Content starts

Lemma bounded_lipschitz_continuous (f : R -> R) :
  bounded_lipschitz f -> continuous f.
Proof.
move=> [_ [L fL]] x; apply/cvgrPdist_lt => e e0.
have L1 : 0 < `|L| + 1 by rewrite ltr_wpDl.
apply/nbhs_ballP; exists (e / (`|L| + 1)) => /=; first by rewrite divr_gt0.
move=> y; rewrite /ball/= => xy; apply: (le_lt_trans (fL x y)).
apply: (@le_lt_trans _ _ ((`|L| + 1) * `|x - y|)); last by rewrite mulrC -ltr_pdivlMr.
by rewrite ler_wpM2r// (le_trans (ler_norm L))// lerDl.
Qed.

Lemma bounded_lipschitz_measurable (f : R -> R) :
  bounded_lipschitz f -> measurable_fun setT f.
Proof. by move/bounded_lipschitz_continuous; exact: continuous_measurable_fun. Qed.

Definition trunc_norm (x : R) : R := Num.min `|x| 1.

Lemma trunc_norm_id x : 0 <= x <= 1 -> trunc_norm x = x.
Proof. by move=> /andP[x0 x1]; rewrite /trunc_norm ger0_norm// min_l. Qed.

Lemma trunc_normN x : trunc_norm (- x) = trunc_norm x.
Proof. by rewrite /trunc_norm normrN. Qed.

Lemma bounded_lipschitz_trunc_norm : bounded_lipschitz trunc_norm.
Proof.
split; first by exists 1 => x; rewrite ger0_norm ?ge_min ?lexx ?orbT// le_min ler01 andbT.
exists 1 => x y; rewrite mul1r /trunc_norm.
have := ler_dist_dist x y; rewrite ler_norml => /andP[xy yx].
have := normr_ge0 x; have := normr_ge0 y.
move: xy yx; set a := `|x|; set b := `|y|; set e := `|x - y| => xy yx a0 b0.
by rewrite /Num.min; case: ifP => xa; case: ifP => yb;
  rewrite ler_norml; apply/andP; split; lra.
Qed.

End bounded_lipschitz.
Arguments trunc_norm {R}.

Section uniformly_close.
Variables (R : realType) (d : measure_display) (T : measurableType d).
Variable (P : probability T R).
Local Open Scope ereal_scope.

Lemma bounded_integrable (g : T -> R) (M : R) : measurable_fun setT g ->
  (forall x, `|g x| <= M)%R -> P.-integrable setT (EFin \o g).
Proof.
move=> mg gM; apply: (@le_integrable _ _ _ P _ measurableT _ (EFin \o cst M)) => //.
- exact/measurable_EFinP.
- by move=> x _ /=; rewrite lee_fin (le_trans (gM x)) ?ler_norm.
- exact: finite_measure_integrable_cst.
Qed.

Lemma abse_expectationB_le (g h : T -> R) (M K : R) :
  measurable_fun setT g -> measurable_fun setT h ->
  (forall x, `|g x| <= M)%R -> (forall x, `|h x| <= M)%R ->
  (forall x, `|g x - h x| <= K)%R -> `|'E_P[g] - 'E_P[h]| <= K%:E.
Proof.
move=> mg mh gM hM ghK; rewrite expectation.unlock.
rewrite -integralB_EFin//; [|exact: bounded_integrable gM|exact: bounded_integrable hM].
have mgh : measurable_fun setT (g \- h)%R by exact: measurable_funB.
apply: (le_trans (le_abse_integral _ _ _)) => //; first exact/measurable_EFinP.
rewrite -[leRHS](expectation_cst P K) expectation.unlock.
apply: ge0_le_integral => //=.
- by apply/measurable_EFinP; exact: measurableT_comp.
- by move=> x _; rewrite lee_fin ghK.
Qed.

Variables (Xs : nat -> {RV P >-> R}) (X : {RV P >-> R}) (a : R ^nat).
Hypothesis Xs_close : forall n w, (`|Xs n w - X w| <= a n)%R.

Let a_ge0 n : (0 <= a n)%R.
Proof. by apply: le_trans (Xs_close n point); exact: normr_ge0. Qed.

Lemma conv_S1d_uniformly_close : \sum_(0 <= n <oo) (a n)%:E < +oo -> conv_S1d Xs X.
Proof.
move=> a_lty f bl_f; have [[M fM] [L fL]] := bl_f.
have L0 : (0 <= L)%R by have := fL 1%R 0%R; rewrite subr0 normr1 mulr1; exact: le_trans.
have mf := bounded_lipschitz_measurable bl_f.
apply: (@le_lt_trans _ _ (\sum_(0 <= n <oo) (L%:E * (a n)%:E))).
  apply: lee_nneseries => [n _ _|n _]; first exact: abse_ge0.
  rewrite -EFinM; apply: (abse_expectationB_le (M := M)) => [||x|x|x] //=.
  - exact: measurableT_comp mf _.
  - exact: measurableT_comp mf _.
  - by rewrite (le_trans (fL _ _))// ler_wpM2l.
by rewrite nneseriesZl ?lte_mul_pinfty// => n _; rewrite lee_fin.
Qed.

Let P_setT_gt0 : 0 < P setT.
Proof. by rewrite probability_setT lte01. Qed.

Content ends

*Directions for this task:*
Exactly as they appear, copy the lines of the listing above from the first through the one that contains "have := normr_ge0 x; have := normr_ge0 y.", and nothing more.

*Task result:*
Lemma bounded_lipschitz_continuous (f : R -> R) :
  bounded_lipschitz f -> continuous f.
Proof.
move=> [_ [L fL]] x; apply/cvgrPdist_lt => e e0.
have L1 : 0 < `|L| + 1 by rewrite ltr_wpDl.
apply/nbhs_ballP; exists (e / (`|L| + 1)) => /=; first by rewrite divr_gt0.
move=> y; rewrite /ball/= => xy; apply: (le_lt_trans (fL x y)).
apply: (@le_lt_trans _ _ ((`|L| + 1) * `|x - y|)); last by rewrite mulrC -ltr_pdivlMr.
by rewrite ler_wpM2r// (le_trans (ler_norm L))// lerDl.
Qed.

Lemma bounded_lipschitz_measurable (f : R -> R) :
  bounded_lipschitz f -> measurable_fun setT f.
Proof. by move/bounded_lipschitz_continuous; exact: continuous_measurable_fun. Qed.

Definition trunc_norm (x : R) : R := Num.min `|x| 1.

Lemma trunc_norm_id x : 0 <= x <= 1 -> trunc_norm x = x.
Proof. by move=> /andP[x0 x1]; rewrite /trunc_norm ger0_norm// min_l. Qed.

Lemma trunc_normN x : trunc_norm (- x) = trunc_norm x.
Proof. by rewrite /trunc_norm normrN. Qed.

Lemma bounded_lipschitz_trunc_norm : bounded_lipschitz trunc_norm.
Proof.
split; first by exists 1 => x; rewrite ger0_norm ?ge_min ?lexx ?orbT// le_min ler01 andbT.
exists 1 => x y; rewrite mul1r /trunc_norm.
have := ler_dist_dist x y; rewrite ler_norml => /andP[xy yx].
have := normr_ge0 x; have := normr_ge0 y.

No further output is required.